# Directions for this task:
Determine how many lines in the records hold the word "Stdlib". Return the number alone.

########

(* Fix an integer $b\ge2$ and $0<\alpha<1$. Let $C_\alpha=\tfrac{10}{3}\alpha^{-1}\log_2 10-\alpha^{-1}\log_2(1-2^{-\alpha})+2\alpha^{-1}-1$ and let $\ell_0\in\mathbb{N}$ satisfy $b^{\ell_0}>\max\{\frac{20}{b^{1-\alpha}-1},\,40C_\alpha b^{2C_\alpha(1-\alpha)}\}$. Put $\ell=b^{-\ell_0}$ and, for $i\in\{0,\dots,b^{\ell_0+3}-1\}$, $r_i=ib^{-\ell_0-3}$, $s_i=r_i+\ell$, and $g_i(x)=\overline{h}_\ell\big(x-\tfrac12(r_i+s_i-1)\big)$ (a $1$-periodic function). Then for all $x<y$ in $\mathbb{R}$ with $y-x<b^{-\ell_0-1}$ there exists $i\in\{0,\dots,b^{\ell_0+3}-1\}$ such that $$W^{\alpha,b}_{g_i}(y)-W^{\alpha,b}_{g_i}(x)\ge \tfrac{7}{10}\,b^{\alpha\ell_0-2(1-\alpha)}\,(y-x)^\alpha.$$
   Context: For $0<\ell\le\tfrac12$, $h_\ell\colon[0,1)\to\mathbb{R}$ is defined by $h_\ell(x)=-\frac{x}{1-\ell}$ for $0\le x<\tfrac12(1-\ell)$, $h_\ell(x)=\frac{x}{\ell}-\frac{1}{2\ell}$ for $\tfrac12(1-\ell)\le x<\tfrac12(1+\ell)$, and $h_\ell(x)=\frac{1-x}{1-\ell}$ for $\tfrac12(1+\ell)\le x<1$; and $\overline{h}_\ell(x)=h_\ell(x-\lfloor x\rfloor)$ is its $1$-periodic extension to $\mathbb{R}$ (a continuous piecewise linear function with values in $[-\tfrac12,\tfrac12]$). For a $1$-periodic Lipschitz $g$, $W_g^{\alpha,b}(x)=\sum_{k=0}^\infty b^{-\alpha k}g(b^kx)$. *)

From Stdlib Require Import Reals Lra.
From Coquelicot Require Import Coquelicot.
Open Scope R_scope.

Definition rfloor (x : R) : R := IZR (up x) - 1.

Definition h_ell (l x : R) : R :=
  if Rlt_dec x ((1 - l) / 2) then - x / (1 - l)
  else if Rlt_dec x ((1 + l) / 2) then x / l - 1 / (2 * l)
  else (1 - x) / (1 - l).

Definition hbar (l x : R) : R := h_ell l (x - rfloor x).

Definition Wfun (alpha b : R) (g : R -> R) (x : R) : R :=
  Series (fun k : nat => Rpower b (- alpha * INR k) * g (b ^ k * x)).

Definition log2 (x : R) : R := ln x / ln 2.

Definition C_alpha (alpha : R) : R :=
  10 / 3 / alpha * log2 10 - / alpha * log2 (1 - Rpower 2 (- alpha))
  + 2 / alpha - 1.

Definition g_i (b l0 i : nat) (x : R) : R :=
  let l := / (INR b ^ l0) in
  let r := INR i / (INR b ^ (l0 + 3)) in
  let s := r + l in
  hbar l (x - (r + s - 1) / 2).

From Stdlib Require Import Reals Lra Lia ZArith.
From Coquelicot Require Import Coquelicot.
Open Scope R_scope.

(* At the scale [K] where [b^K (y - x)] is a fraction [rho in (1/b, 1]] of [ell = b^-l0],
   the steep segments (slope [1/ell]) of the [g_i] sit on a grid of mesh [ell / b^3], so one of
   them is centred on [[b^K x, b^K y]] and the [K]-th term of [W_{g_i}] grows by almost
   [b^(-alpha K) rho].  Since [g_i] is bounded by [1/2] and decreases with slope at most
   [1/(1-ell)], every other term loses at most [b^(-alpha k)] times [b^k (y - x)/(1-ell)]
   for [k <= K + l0] and at most [b^(-alpha k)] beyond; both geometric sums are small
   multiples of [b^(-alpha K) rho] by the choice of [l0]. *)

Lemma exp_le_compat x y : x <= y -> exp x <= exp y.
Proof. intros [H|<-]; [left; now apply exp_increasing | lra]. Qed.

Lemma ln_le_compat x y : 0 < x -> x <= y -> ln x <= ln y.
Proof. intros Hx [H|<-]; [left; now apply ln_increasing | lra]. Qed.

Lemma exp_pow_INR x n : exp x ^ n = exp (INR n * x).
Proof.
  induction n as [|n IH]; simpl pow.
  - now rewrite Rmult_0_l, exp_0.
  - rewrite IH, <- exp_plus, S_INR. f_equal. ring.
Qed.

Lemma Rpower_mul_INR B a n : Rpower B (a * INR n) = Rpower B a ^ n.
Proof. rewrite <- Rpower_pow by apply exp_pos. now rewrite Rpower_mult. Qed.

Lemma Rpower_gt_1 B a : 1 < B -> 0 < a -> 1 < Rpower B a.
Proof. intros HB Ha. rewrite <- (Rpower_O B) at 1 by lra. apply Rpower_lt; lra. Qed.

Lemma Rpower_neg_bounds B a : 1 < B -> 0 < a -> 0 < Rpower B (- a) < 1.
Proof.
  intros HB Ha. split; [apply exp_pos|].
  rewrite <- (Rpower_O B) by lra. apply Rpower_lt; lra.
Qed.

Lemma Rpower_one_sub B a : 0 < B -> Rpower B (1 - a) = Rpower B (- a) * B.
Proof.
  intros HB. replace (1 - a) with (- a + 1) by ring. now rewrite Rpower_plus, Rpower_1.
Qed.

Lemma rfloor_spec x : rfloor x <= x < rfloor x + 1.
Proof. unfold rfloor. destruct (archimed x). lra. Qed.

Lemma rfloor_IZR x : rfloor x = IZR (up x - 1).
Proof. unfold rfloor. now rewrite minus_IZR. Qed.

Lemma rfloor_unique x (n : Z) : IZR n <= x < IZR n + 1 -> rfloor x = IZR n.
Proof.
  intros Hx. unfold rfloor.
  replace (up x) with (n + 1)%Z by (apply tech_up; rewrite plus_IZR; lra).
  rewrite plus_IZR. lra.
Qed.

Lemma rfloor_le x y : x <= y -> rfloor x <= rfloor y.
Proof.
  intros Hxy. destruct (rfloor_spec x) as [Hx _], (rfloor_spec y) as [_ Hy].
  rewrite !rfloor_IZR in *. apply IZR_le.
  assert (H : IZR (up x - 1) < IZR (up y - 1 + 1)) by (rewrite plus_IZR; lra).
  apply lt_IZR in H. lia.
Qed.

Lemma rfloor_lt_succ_le x y : rfloor x < rfloor y -> rfloor x + 1 <= rfloor y.
Proof.
  rewrite !rfloor_IZR. intros H. apply lt_IZR in H. rewrite <- plus_IZR. apply IZR_le. lia.
Qed.
(* For every $\alpha>0$, the function $$y\mapsto 1+2\sum_{k=1}^\infty e^{-\frac{\pi\alpha}{y}k^2}\cos\Big(2\pi k\big(\tfrac12-\tfrac1{8y^2}\big)\Big)$$ is monotonically decreasing on $[\sqrt3/2,\infty)$. *)

From Stdlib Require Import Reals.
From Coquelicot Require Import Coquelicot.
Open Scope R_scope.

Definition theta_term (alpha y : R) (k : nat) : R :=
  exp (- (PI * alpha / y) * (INR k) ^ 2)
  * cos (2 * PI * INR k * (1 / 2 - 1 / (8 * y ^ 2))).

(* f_alpha(y) = 1 + 2 * sum_{k>=1} theta_term alpha y k.
   Coquelicot's [Series a] is sum_{n>=0} a n, so we shift the index by one. *)
Definition theta_fun (alpha y : R) : R :=
  1 + 2 * Series (fun n : nat => theta_term alpha y (S n)).

(* The function is f_alpha y = theta3 (pi alpha / y) (pi - pi / (4 y^2)), where
   theta3 a t = 1 + 2 sum_(k >= 1) exp (- a k^2) cos (k t).

   By the Jacobi triple product, with q = exp (- a), theta3 a t is a positive multiple of
   prod_(n >= 1) (1 + 2 q^(2n-1) cos t + q^(4n-2)).  Each factor is nonnegative, nonincreasing
   on [0, pi] and midpoint convex on [pi/2, pi]; these properties survive products and limits,
   so theta3 a is nonincreasing on [0, pi] and convex on [pi/2, pi].  By the heat equation
   d theta3 / da = d^2 theta3 / dt^2, convexity in t makes theta3 nondecreasing in a for t in
   (pi/2, pi).  For y >= sqrt 3 / 2 the angle stays in (pi/2, pi) and grows with y, while
   a = pi alpha / y shrinks, so both effects make f_alpha decrease.

   The triple product is obtained as the limit of its finite version, whose coefficients are
   q^(j^2) times Gaussian binomial coefficients; normalized, these tend to 1 fast enough. *)

From Stdlib Require Import Reals Lra Lia Psatz ZArith.
From Coquelicot Require Import Coquelicot.
Open Scope R_scope.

########

# Output of the exercise:
4